(Saved data entries)
··········

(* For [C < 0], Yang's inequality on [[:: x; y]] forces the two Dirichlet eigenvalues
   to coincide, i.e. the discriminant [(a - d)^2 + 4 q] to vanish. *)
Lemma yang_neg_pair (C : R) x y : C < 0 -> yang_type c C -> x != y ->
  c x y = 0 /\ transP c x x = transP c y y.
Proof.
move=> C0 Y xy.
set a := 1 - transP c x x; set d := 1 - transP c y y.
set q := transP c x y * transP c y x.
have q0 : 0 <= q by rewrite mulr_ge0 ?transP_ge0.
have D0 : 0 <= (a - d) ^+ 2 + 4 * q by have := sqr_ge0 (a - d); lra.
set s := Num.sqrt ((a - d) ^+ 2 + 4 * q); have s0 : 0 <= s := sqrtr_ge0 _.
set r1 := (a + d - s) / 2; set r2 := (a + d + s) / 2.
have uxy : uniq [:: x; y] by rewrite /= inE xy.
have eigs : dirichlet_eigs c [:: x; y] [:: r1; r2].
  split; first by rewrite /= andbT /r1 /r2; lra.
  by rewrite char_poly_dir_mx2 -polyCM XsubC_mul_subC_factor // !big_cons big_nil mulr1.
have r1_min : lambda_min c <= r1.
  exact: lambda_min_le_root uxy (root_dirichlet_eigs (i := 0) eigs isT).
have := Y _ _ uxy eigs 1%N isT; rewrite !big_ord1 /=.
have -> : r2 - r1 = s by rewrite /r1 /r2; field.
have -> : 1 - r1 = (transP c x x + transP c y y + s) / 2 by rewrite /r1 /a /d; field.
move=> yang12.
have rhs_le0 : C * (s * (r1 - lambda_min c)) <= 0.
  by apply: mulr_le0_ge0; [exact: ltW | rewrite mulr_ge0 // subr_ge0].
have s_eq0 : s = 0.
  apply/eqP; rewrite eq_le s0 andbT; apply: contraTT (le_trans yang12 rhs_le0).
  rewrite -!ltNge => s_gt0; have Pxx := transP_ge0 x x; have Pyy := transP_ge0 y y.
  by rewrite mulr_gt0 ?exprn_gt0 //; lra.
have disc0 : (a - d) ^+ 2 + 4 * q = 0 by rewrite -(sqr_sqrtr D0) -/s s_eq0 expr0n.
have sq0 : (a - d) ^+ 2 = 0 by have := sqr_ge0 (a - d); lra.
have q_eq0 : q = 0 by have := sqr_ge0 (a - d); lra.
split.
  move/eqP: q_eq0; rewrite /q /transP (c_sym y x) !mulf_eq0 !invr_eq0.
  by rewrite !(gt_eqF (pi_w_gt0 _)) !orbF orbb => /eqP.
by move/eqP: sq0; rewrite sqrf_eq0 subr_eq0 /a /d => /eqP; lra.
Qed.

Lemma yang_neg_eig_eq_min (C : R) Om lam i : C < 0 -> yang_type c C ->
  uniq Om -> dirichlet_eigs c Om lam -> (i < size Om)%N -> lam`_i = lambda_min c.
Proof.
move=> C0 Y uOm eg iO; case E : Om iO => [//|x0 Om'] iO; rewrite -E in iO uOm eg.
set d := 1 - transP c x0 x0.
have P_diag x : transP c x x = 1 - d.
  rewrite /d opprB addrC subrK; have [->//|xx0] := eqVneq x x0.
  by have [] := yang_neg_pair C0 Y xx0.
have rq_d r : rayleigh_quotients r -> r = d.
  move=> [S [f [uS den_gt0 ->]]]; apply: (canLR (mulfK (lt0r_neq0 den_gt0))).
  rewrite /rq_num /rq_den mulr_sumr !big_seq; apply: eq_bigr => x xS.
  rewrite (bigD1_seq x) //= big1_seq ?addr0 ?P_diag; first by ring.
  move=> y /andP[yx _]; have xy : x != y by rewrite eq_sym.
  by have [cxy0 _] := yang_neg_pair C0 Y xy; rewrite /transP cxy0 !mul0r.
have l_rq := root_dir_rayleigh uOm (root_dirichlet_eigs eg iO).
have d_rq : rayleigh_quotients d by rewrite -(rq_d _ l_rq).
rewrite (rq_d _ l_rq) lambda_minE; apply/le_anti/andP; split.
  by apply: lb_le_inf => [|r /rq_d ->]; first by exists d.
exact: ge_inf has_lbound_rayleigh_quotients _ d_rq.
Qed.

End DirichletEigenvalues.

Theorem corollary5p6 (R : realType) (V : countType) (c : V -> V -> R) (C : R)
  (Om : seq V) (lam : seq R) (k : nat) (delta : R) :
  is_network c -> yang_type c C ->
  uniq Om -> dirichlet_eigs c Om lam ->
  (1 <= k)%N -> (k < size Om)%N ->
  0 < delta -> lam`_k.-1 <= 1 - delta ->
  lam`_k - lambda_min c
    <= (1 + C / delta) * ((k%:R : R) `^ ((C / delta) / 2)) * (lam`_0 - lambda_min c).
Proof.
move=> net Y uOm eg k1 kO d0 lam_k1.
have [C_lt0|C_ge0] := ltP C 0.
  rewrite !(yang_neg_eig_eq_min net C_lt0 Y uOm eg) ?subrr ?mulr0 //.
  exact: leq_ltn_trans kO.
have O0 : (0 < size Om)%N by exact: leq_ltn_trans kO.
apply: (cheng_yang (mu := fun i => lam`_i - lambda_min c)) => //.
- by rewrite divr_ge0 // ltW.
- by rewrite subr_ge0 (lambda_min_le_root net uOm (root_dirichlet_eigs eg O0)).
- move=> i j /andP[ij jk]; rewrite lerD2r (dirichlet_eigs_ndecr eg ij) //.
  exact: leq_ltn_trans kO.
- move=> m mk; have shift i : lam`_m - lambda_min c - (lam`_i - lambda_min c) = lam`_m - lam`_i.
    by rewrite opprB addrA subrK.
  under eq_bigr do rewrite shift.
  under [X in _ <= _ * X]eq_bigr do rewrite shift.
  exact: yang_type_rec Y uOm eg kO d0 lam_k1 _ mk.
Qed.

··········

> [About this task] Could you output exactly the lines from the one containing "- by rewrite divr_ge0 // ltW." to the end of the entries above, both included, and no others?

> [Problem solution]
- by rewrite divr_ge0 // ltW.
- by rewrite subr_ge0 (lambda_min_le_root net uOm (root_dirichlet_eigs eg O0)).
- move=> i j /andP[ij jk]; rewrite lerD2r (dirichlet_eigs_ndecr eg ij) //.
  exact: leq_ltn_trans kO.
- move=> m mk; have shift i : lam`_m - lambda_min c - (lam`_i - lambda_min c) = lam`_m - lam`_i.
    by rewrite opprB addrA subrK.
  under eq_bigr do rewrite shift.
  under [X in _ <= _ * X]eq_bigr do rewrite shift.
  exact: yang_type_rec Y uOm eg kO d0 lam_k1 _ mk.
Qed.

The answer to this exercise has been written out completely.